Nice Girls Do by Sarah Duncan. Recommended reading

I’d never heard of this author or this book, but I saw it by the checkout at the library. It looked like a light read with some sex and romance, which it was.

The protagonist, Anna Carmichael, is a mousy academic type in contemporary England. When we meet her, she is recently divorced, in a bit of a rut, with no love interests in sight. Two interesting men appear rather quickly, and Anna goes though a journey of self-discovery that involves high living, cocaine, sex and a historic garden. This book isn’t a life-changer, but it was highly readable, with a character I cared enough about to hate sometimes, and root for all the time. Plus, it took me to a world of historic English gardens, and taught me some things I’d known nothing about previously.

The Lacuna by Barbara Kingsolver. Loved it loved it loved it!!!

Chances are, you know who Barbara Kingsolver is. I’ve been reading her books for years, though I must admit, I wasn’t a fan of The Poisonwood Bible, the one all the critics loved. The Lacuna, though, is one of the best books I’ve read in the past few years. Kingsolver has an enviable mastery of language and imagery. I annoyed whoever happened to be sitting near me by reading aloud particularly beautiful sentences—her writing is that good. Combine her talent with a Mexico City setting, Frida Kahlo and Diego Rivera as major characters, and a novelist protagonist, and you can’t be much more up my alley. I loved this book!!!!
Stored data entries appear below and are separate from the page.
Lemma mulGI a : injective (mul a).
Proof. by move=> b c e; rewrite -(mul1G b) -(mul1G c) -(mulVG a) -!mulGA e. Qed.

Definition interleave (s : G) (ts : seq G) := foldr (fun t w => mul t (mul s w)) one ts.

Fixpoint interleave_in (s : G) (ts : seq G) : G :=
  if ts is t :: ts' then
    (if ts' is [::] then t else mul t (mul s (interleave_in s ts')))
  else one.

Lemma interleave_inMs s ts : ts != [::] -> mul (interleave_in s ts) s = interleave s ts.
Proof.
elim: ts => [//|t [|t' ts] IH] _ /=; first by rewrite mulG1.
by rewrite -!mulGA IH.
Qed.

Lemma mem_powseqS U u g n : u \in U -> g \in powseq mul one U n ->
  mul u g \in powseq mul one U n.+1.
Proof. by move=> u_U g_pow; rewrite /= mem_undup; apply/allpairsP; exists (u, g). Qed.

Lemma powseq_nonempty U s n : s \in U -> (0 < size (powseq mul one U n))%N.
Proof.
move=> s_U; suff [g] : exists g, g \in powseq mul one U n by case: (powseq _ _ _ _).
elim: n => [|n [g g_pow]]; first by exists one; rewrite inE.
by exists (mul s g); apply: mem_powseqS.
Qed.

Lemma interleave_in_powseq U s ts : s \in U -> ts != [::] -> all (mem U) ts ->
  interleave_in s ts \in powseq mul one U (2 * size ts).-1.
Proof.
move=> s_U; elim: ts => [//|t [|t' ts] IH] _ /andP[t_U ts_U].
  by rewrite /= -[t]mulG1; apply: (mem_powseqS (n := 0)); rewrite ?inE.
have -> : (2 * size [:: t, t' & ts]).-1 = ((2 * size (t' :: ts)).-1).+2 by rewrite /=; lia.
by do 2!apply: mem_powseqS => //; exact: IH.
Qed.

(* Words of k letters of T separated by s lie in U^(2k-1), and in U^(2k) after
   one more factor s in front. *)
Lemma pingpong_growth U T s n : s \in U -> {subset T <= U} -> uniq T -> (1 <= n)%N ->
  (forall ts ts', all (mem T) ts -> all (mem T) ts' -> size ts = size ts' ->
     interleave s ts = interleave s ts' -> ts = ts') ->
  (size T ^ (n.+1)./2 <= size (powseq mul one U n))%N.
Proof.
move=> s_U T_U T_uniq n_gt0 inj; set k := (n.+1)./2.
have n_eq : n = ((2 * k).-1 + ~~ odd n)%N.
  have := odd_double_half n; rewrite /k /= uphalf_half -mul2n.
  by case: (odd n) => /=; lia.
have k_gt0 : (0 < k)%N by rewrite /k; case: (n) n_gt0.
have w_prop w : w \in words T k -> [/\ size w = k, w != [::] & all (mem U) w].
  case/mem_words => size_w w_T; split => //.
    by apply/eqP => w_nil; move: k_gt0; rewrite -size_w w_nil.
  by apply/allP => t /(allP w_T) /T_U.
pose f w := if odd n then interleave_in s w else mul s (interleave_in s w).
rewrite -size_words -(size_map f); apply: uniq_leq_size.
  rewrite map_inj_in_uniq ?words_uniq // => w w' w_in w'_in f_eq.
  have [size_w w_nil _] := w_prop w w_in; have [size_w' w'_nil _] := w_prop w' w'_in.
  have /(congr1 (mul^~ s)) : interleave_in s w = interleave_in s w'.
    by move: f_eq; rewrite /f; case: (odd n) => // /(@mulGI s).
  rewrite !interleave_inMs //; apply: inj; rewrite ?size_w ?size_w' //.
  - by case/mem_words: w_in.
  - by case/mem_words: w'_in.
move=> _ /mapP[w w_in ->]; have [size_w w_nil w_U] := w_prop w w_in.
rewrite /f {2}n_eq -size_w; case: (odd n) => /=.
  by rewrite addn0 interleave_in_powseq.
by rewrite addn1 mem_powseqS // interleave_in_powseq.
Qed.
Theorem mainTheorem7 (R : realType) (d : nat) (B : set 'rV[R]_d)
  (I : finType) (a : I -> 'rV[R]_d) (w : I -> R) (C : {set I})
  (c : I -> 'rV[R]_d) (x : 'rV[R]_d) :
  gauge_body B ->
  injective a ->
  (forall i, 0 < w i) ->
  \sum_i w i = 1 ->
  \sum_(i in C) w i < 1 / (1 + skewness B) ->
  fermat_weber B (fun i => if i \in C then c i else a i) w x ->
  elem_hull B (a @` [set i | i \notin C]) x.
Proof.
move=> hB a_inj w_gt0 w_sum1 wC_small x_fw.
have [p [p_sub p_bal]] := fermat_weber_subgradients hB w_gt0 x_fw.
apply: (elem_hull_of_subgradients hB a_inj w_gt0 w_sum1 wC_small (p := p)) => //.
- by move=> i v; apply: subgrad_dominated (p_sub i) v.
- by move=> i iC; have := p_sub i; rewrite (negbTE iC).
Qed.
Lemma suffix_christoffel (s : nat) : 1 <= s <= n ->
  Defs.suffix T s = mkseq (orbit_bit (phase s)) (n - s.-1).
Proof.
move=> /andP[s_gt0 le_sn]; rewrite /Defs.suffix -map_drop drop_iota.
apply: (@eq_from_nth _ false); first by rewrite size_map size_iota size_mkseq.
move=> m; rewrite size_map size_iota => lt_m.
rewrite (nth_map 0) ?size_iota // nth_iota // nth_mkseq // christoffel_letter; last by lia.
rewrite /orbit_bit /phase modnDml -mulnDl; congr (_ <= (_ * _) %% _); lia.
Qed.

Lemma floor_step (w m : nat) :
  (w + m.+1 * q) %/ n = (w + m * q) %/ n + orbit_bit w m.
Proof.
have n_gt0 : 0 < n by lia.
rewrite /orbit_bit mulSn (addnC q) addnA; set a := w + m * q.
rewrite {1}(divn_eq a n) -addnA divnMDl //; congr (_ + _).
have lt_an := ltn_mod a n.
have [le_pa | lt_ap] := leqP; last by rewrite divn_small //; lia.
have ge1 : 1 <= (a %% n + q) %/ n by rewrite leq_divRL //; lia.
have lt2 : (a %% n + q) %/ n < 2 by rewrite ltn_divLR //; lia.
lia.
Qed.

Lemma floor_agree (u v m0 : nat) : u < n -> v < n ->
  (forall m, m < m0 -> orbit_bit v m = orbit_bit u m) ->
  (u + m0 * q) %/ n = (v + m0 * q) %/ n.
Proof.
move=> lt_un lt_vn; elim: m0 => [|m IHm] agree; first by rewrite !addn0 !divn_small.
by rewrite !floor_step IHm ?(agree m) // => m' lt_m'; apply: agree; lia.
Qed.

Lemma first_diff_bits (u v m0 : nat) : v <= u < n ->
  (forall m, m < m0 -> orbit_bit v m = orbit_bit u m) ->
  orbit_bit v m0 != orbit_bit u m0 ->
  orbit_bit v m0 = false /\ orbit_bit u m0 = true.
Proof.
move=> /andP[le_vu lt_un] agree ne_m0.
have : (v + m0.+1 * q) %/ n <= (u + m0.+1 * q) %/ n by rewrite leq_div2r ?leq_add2r.
rewrite !floor_step (floor_agree lt_un (leq_ltn_trans le_vu lt_un) agree) // leq_add2l.
by move: ne_m0; case: (orbit_bit v m0); case: (orbit_bit u m0).
Qed.

Lemma wrap_separates (u v L : nat) : v < u < n -> n %| u + L * q ->
  exists2 m, m < L & orbit_bit v m != orbit_bit u m.
Proof.
move=> /andP[lt_vu lt_un] dvd_n.
have [agree | [m lt_mL [_ ne_m]]] := first_difference (orbit_bit v) (orbit_bit u) L.
  have := floor_agree lt_un (ltn_trans lt_vu lt_un) agree.
  have : v + L * q < (u + L * q) %/ n * n by rewrite divnK // ltn_add2r.
  by rewrite -ltn_divLR ?addn_gt0 ?p_gt0 // => /[swap] ->; rewrite ltnn.
by exists m.
Qed.

Lemma suffix_lt_of_phase_lt (s t : nat) : 1 <= s <= n -> 1 <= t <= n ->
  phase t < phase s -> lex_lt (Defs.suffix T t) (Defs.suffix T s).
Proof.
move=> s_in t_in lt_ts; rewrite !suffix_christoffel //.
set u := phase s; set v := phase t; set Ls := n - s.-1; set Lt := n - t.-1.
have lt_un : u < n by rewrite ltn_mod; lia.
have [agree | [m0 lt_m0 [agree ne_m0]]] :=
  first_difference (orbit_bit v) (orbit_bit u) (minn Lt Ls).
  have [lt_LtLs | lt_LsLt | eq_L] := ltngtP Lt Ls.
  - apply: lex_lt_prefix; rewrite !size_mkseq // => m lt_m.
    by rewrite !nth_mkseq ?agree //; lia.
  - have dvd_n : n %| u + Ls * q.
      by rewrite /dvdn /u /phase modnDml -mulnDl subnKC ?modnMr //; lia.
    have [m lt_m] := @wrap_separates u v Ls (ltac:(lia)) dvd_n.
    by rewrite agree ?eqxx //; lia.
  - by move: lt_ts; rewrite /u /v (_ : s = t) ?ltnn //; lia.
have [bit_v bit_u] := @first_diff_bits u v m0 (ltac:(lia)) agree ne_m0.
by apply: (lex_lt_first_diff (m0 := m0)); rewrite ?size_mkseq ?nth_mkseq //; try lia;
  move=> m lt_m; rewrite !nth_mkseq ?agree //; lia.
Qed.
(* Fix integers $N\ge 2$ and $K\ge 1$. There exists a Boolean tensor $\mathcal{B}\in\{0,1\}^{N\times N\times K}$ such that no ranking tensor in $\pi(\mathcal{M}^{\text{TransE}})$ is consistent with $\mathcal{B}$.
   Context: A score-based model assigns a score $s_k(i,j)\in\mathbb{R}$ to each triple, $i,j\in\{1,\dots,N\}$, $k\in\{1,\dots,K\}$; its scoring tensor has frontal slices $\mathbf{S}_k$ with $[\mathbf{S}_k]_{ij}=s_k(i,j)$. For a real $N\times N$ matrix $\mathbf{S}$, $\pi(\mathbf{S})$ is the matrix of dense ranks: $\pi_{ij}(\mathbf{S})=1+$ (number of distinct values among entries of $\mathbf{S}$ strictly larger than $s_{ij}$). For tensors, $\pi$ acts slicewise; for a set $X$, $\pi(X)=\{\pi(x):x\in X\}$. TransE of size $r$: parameters $\mathbf{A}\in\mathbb{R}^{N\times r}$ (rows $\mathbf{a}_i$), $\mathbf{R}\in\mathbb{R}^{K\times r}$ (rows $\mathbf{r}_k$), score $-\|\mathbf{a}_i+\mathbf{r}_k-\mathbf{a}_j\|_2^2$; $\mathcal{M}^{\text{TransE}}$ is the set of scoring tensors of all TransE models of all sizes $r\in\mathbb{N}^+$. A ranking tensor $\mathcal{P}$ is consistent with a Boolean tensor $\mathcal{B}$ if for every $k$ and all $i,j,i',j'$: $b_{ijk}=1$ and $b_{i'j'k}=0$ imply $p_{ijk}<p_{i'j'k}$. *)

From HB Require Import structures.
From mathcomp Require Import all_boot all_order all_algebra.
From mathcomp Require Import reals.
Set Implicit Arguments. Unset Strict Implicit. Unset Printing Implicit Defensive.
Import Order.TTheory GRing.Theory Num.Theory.
Local Open Scope ring_scope.

Definition dense_rank (R : realType) (N : nat) (S : 'I_N -> 'I_N -> R)
    (i j : 'I_N) : nat :=
  (size (undup [seq S x.1 x.2 | x <- enum [pred x : 'I_N * 'I_N | S i j < S x.1 x.2]])).+1.

Definition pi_tensor (R : realType) (N K : nat) (T : 'I_N -> 'I_N -> 'I_K -> R)
    : 'I_N -> 'I_N -> 'I_K -> nat :=
  fun i j k => dense_rank (fun i' j' => T i' j' k) i j.

Definition transE_score (R : realType) (N K r : nat)
    (A : 'M[R]_(N, r)) (Rel : 'M[R]_(K, r)) : 'I_N -> 'I_N -> 'I_K -> R :=
  fun i j k => - \sum_(l < r) (A i l + Rel k l - A j l) ^+ 2.

Definition in_pi_TransE (R : realType) (N K : nat) (P : 'I_N -> 'I_N -> 'I_K -> nat) : Prop :=
  exists r : nat, (0 < r)%N /\
    exists (A : 'M[R]_(N, r)) (Rel : 'M[R]_(K, r)),
      forall i j k, P i j k = pi_tensor (transE_score A Rel) i j k.

Definition consistent (N K : nat) (P : 'I_N -> 'I_N -> 'I_K -> nat)
    (B : 'I_N -> 'I_N -> 'I_K -> bool) : Prop :=
  forall (k : 'I_K) (i j i' j' : 'I_N),
    B i j k = true -> B i' j' k = false -> (P i j k < P i' j' k)%N.

From mathcomp Require Import all_boot all_order all_algebra.
From mathcomp Require Import reals.
Set Implicit Arguments. Unset Strict Implicit. Unset Printing Implicit Defensive.
Import GRing.Theory.
Local Open Scope ring_scope.

(* A TransE model scores every reflexive triple (i, i, k) by -||r_k||^2,
   whatever the entity i, so all reflexive triples of a relation share one
   dense rank.  A Boolean tensor declaring (i0, i0, k) true and (i1, i1, k)
   false for i1 <> i0 demands a strictly smaller rank for one of them, which
   no TransE ranking can provide. *)

Lemma dense_rank_eq (R : realType) (N : nat) (S : 'I_N -> 'I_N -> R)
    (i j i' j' : 'I_N) :
  S i j = S i' j' -> dense_rank S i j = dense_rank S i' j'.
Proof. by rewrite /dense_rank => ->. Qed.

Lemma transE_score_diag (R : realType) (N K r : nat)
    (A : 'M[R]_(N, r)) (Rel : 'M[R]_(K, r)) (i : 'I_N) (k : 'I_K) :
  transE_score A Rel i i k = - \sum_(l < r) Rel k l ^+ 2.
Proof.
rewrite /transE_score; congr (- _); apply: eq_bigr => l _.
by rewrite addrAC subrr add0r.
Qed.

Lemma pi_TransE_diag (R : realType) (N K : nat) (P : 'I_N -> 'I_N -> 'I_K -> nat) :
  in_pi_TransE R P -> forall (i j : 'I_N) (k : 'I_K), P i i k = P j j k.
Proof.
move=> [r [_ [A [Rel P_score]]]] i j k.
by rewrite !P_score; apply: dense_rank_eq; rewrite !transE_score_diag.
Qed.

Definition diag_indicator (N K : nat) (i0 : 'I_N) : 'I_N -> 'I_N -> 'I_K -> bool :=
  fun i j _ => (i == i0) && (j == i0).

Lemma diag_constant_not_consistent (N K : nat) (P : 'I_N -> 'I_N -> 'I_K -> nat)
    (i0 i1 : 'I_N) (k : 'I_K) :
  i1 != i0 -> (forall i j k, P i i k = P j j k) ->
  ~ consistent P (diag_indicator i0).
Proof.
move=> i1_neq_i0 P_diag P_cons.
have := P_cons k i0 i0 i1 i1; rewrite /diag_indicator eqxx (negbTE i1_neq_i0).
by rewrite (P_diag i0 i1) ltnn => /(_ erefl erefl).
Qed.

Theorem theorem10 (R : realType) (N K : nat) :
  (2 <= N)%N -> (1 <= K)%N ->
  exists B : 'I_N -> 'I_N -> 'I_K -> bool,
    forall P : 'I_N -> 'I_N -> 'I_K -> nat,
      in_pi_TransE R P -> ~ consistent P B.
Proof.
move=> N_ge2 K_ge1.
pose i0 : 'I_N := Ordinal (ltnW N_ge2).
pose i1 : 'I_N := Ordinal N_ge2.
exists (diag_indicator i0) => P P_TransE.
have i1_neq_i0 : i1 != i0 by rewrite -val_eqE.
exact: (diag_constant_not_consistent (Ordinal K_ge1) i1_neq_i0 (pi_TransE_diag P_TransE)).
Qed.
Open by Andre Agassi. Highly recommended reading

I include this so you know I do read non-fiction occasionally, and because I loved this book too. I am an ardent tennis fan and a lifelong Agassi fan, so I was predisposed to like this book. The story is compelling, but what surprised me most was that it is beautifully written and searingly honest. This book also made me cry. It’s a damn good story about a little orphan who finds love and redemption. It’s funny, inspiring and fascinating to see what life is like behind the curtain of fame, success and money. Though Andre and I may not have much in common on the surface, we both suffer from perfectionism, and I really enjoyed following his journey as he identified about his demons and eventually learned to get out of his own way.

Happy reading! And please pass along any book recommendations you have. I'm always looking for a great read.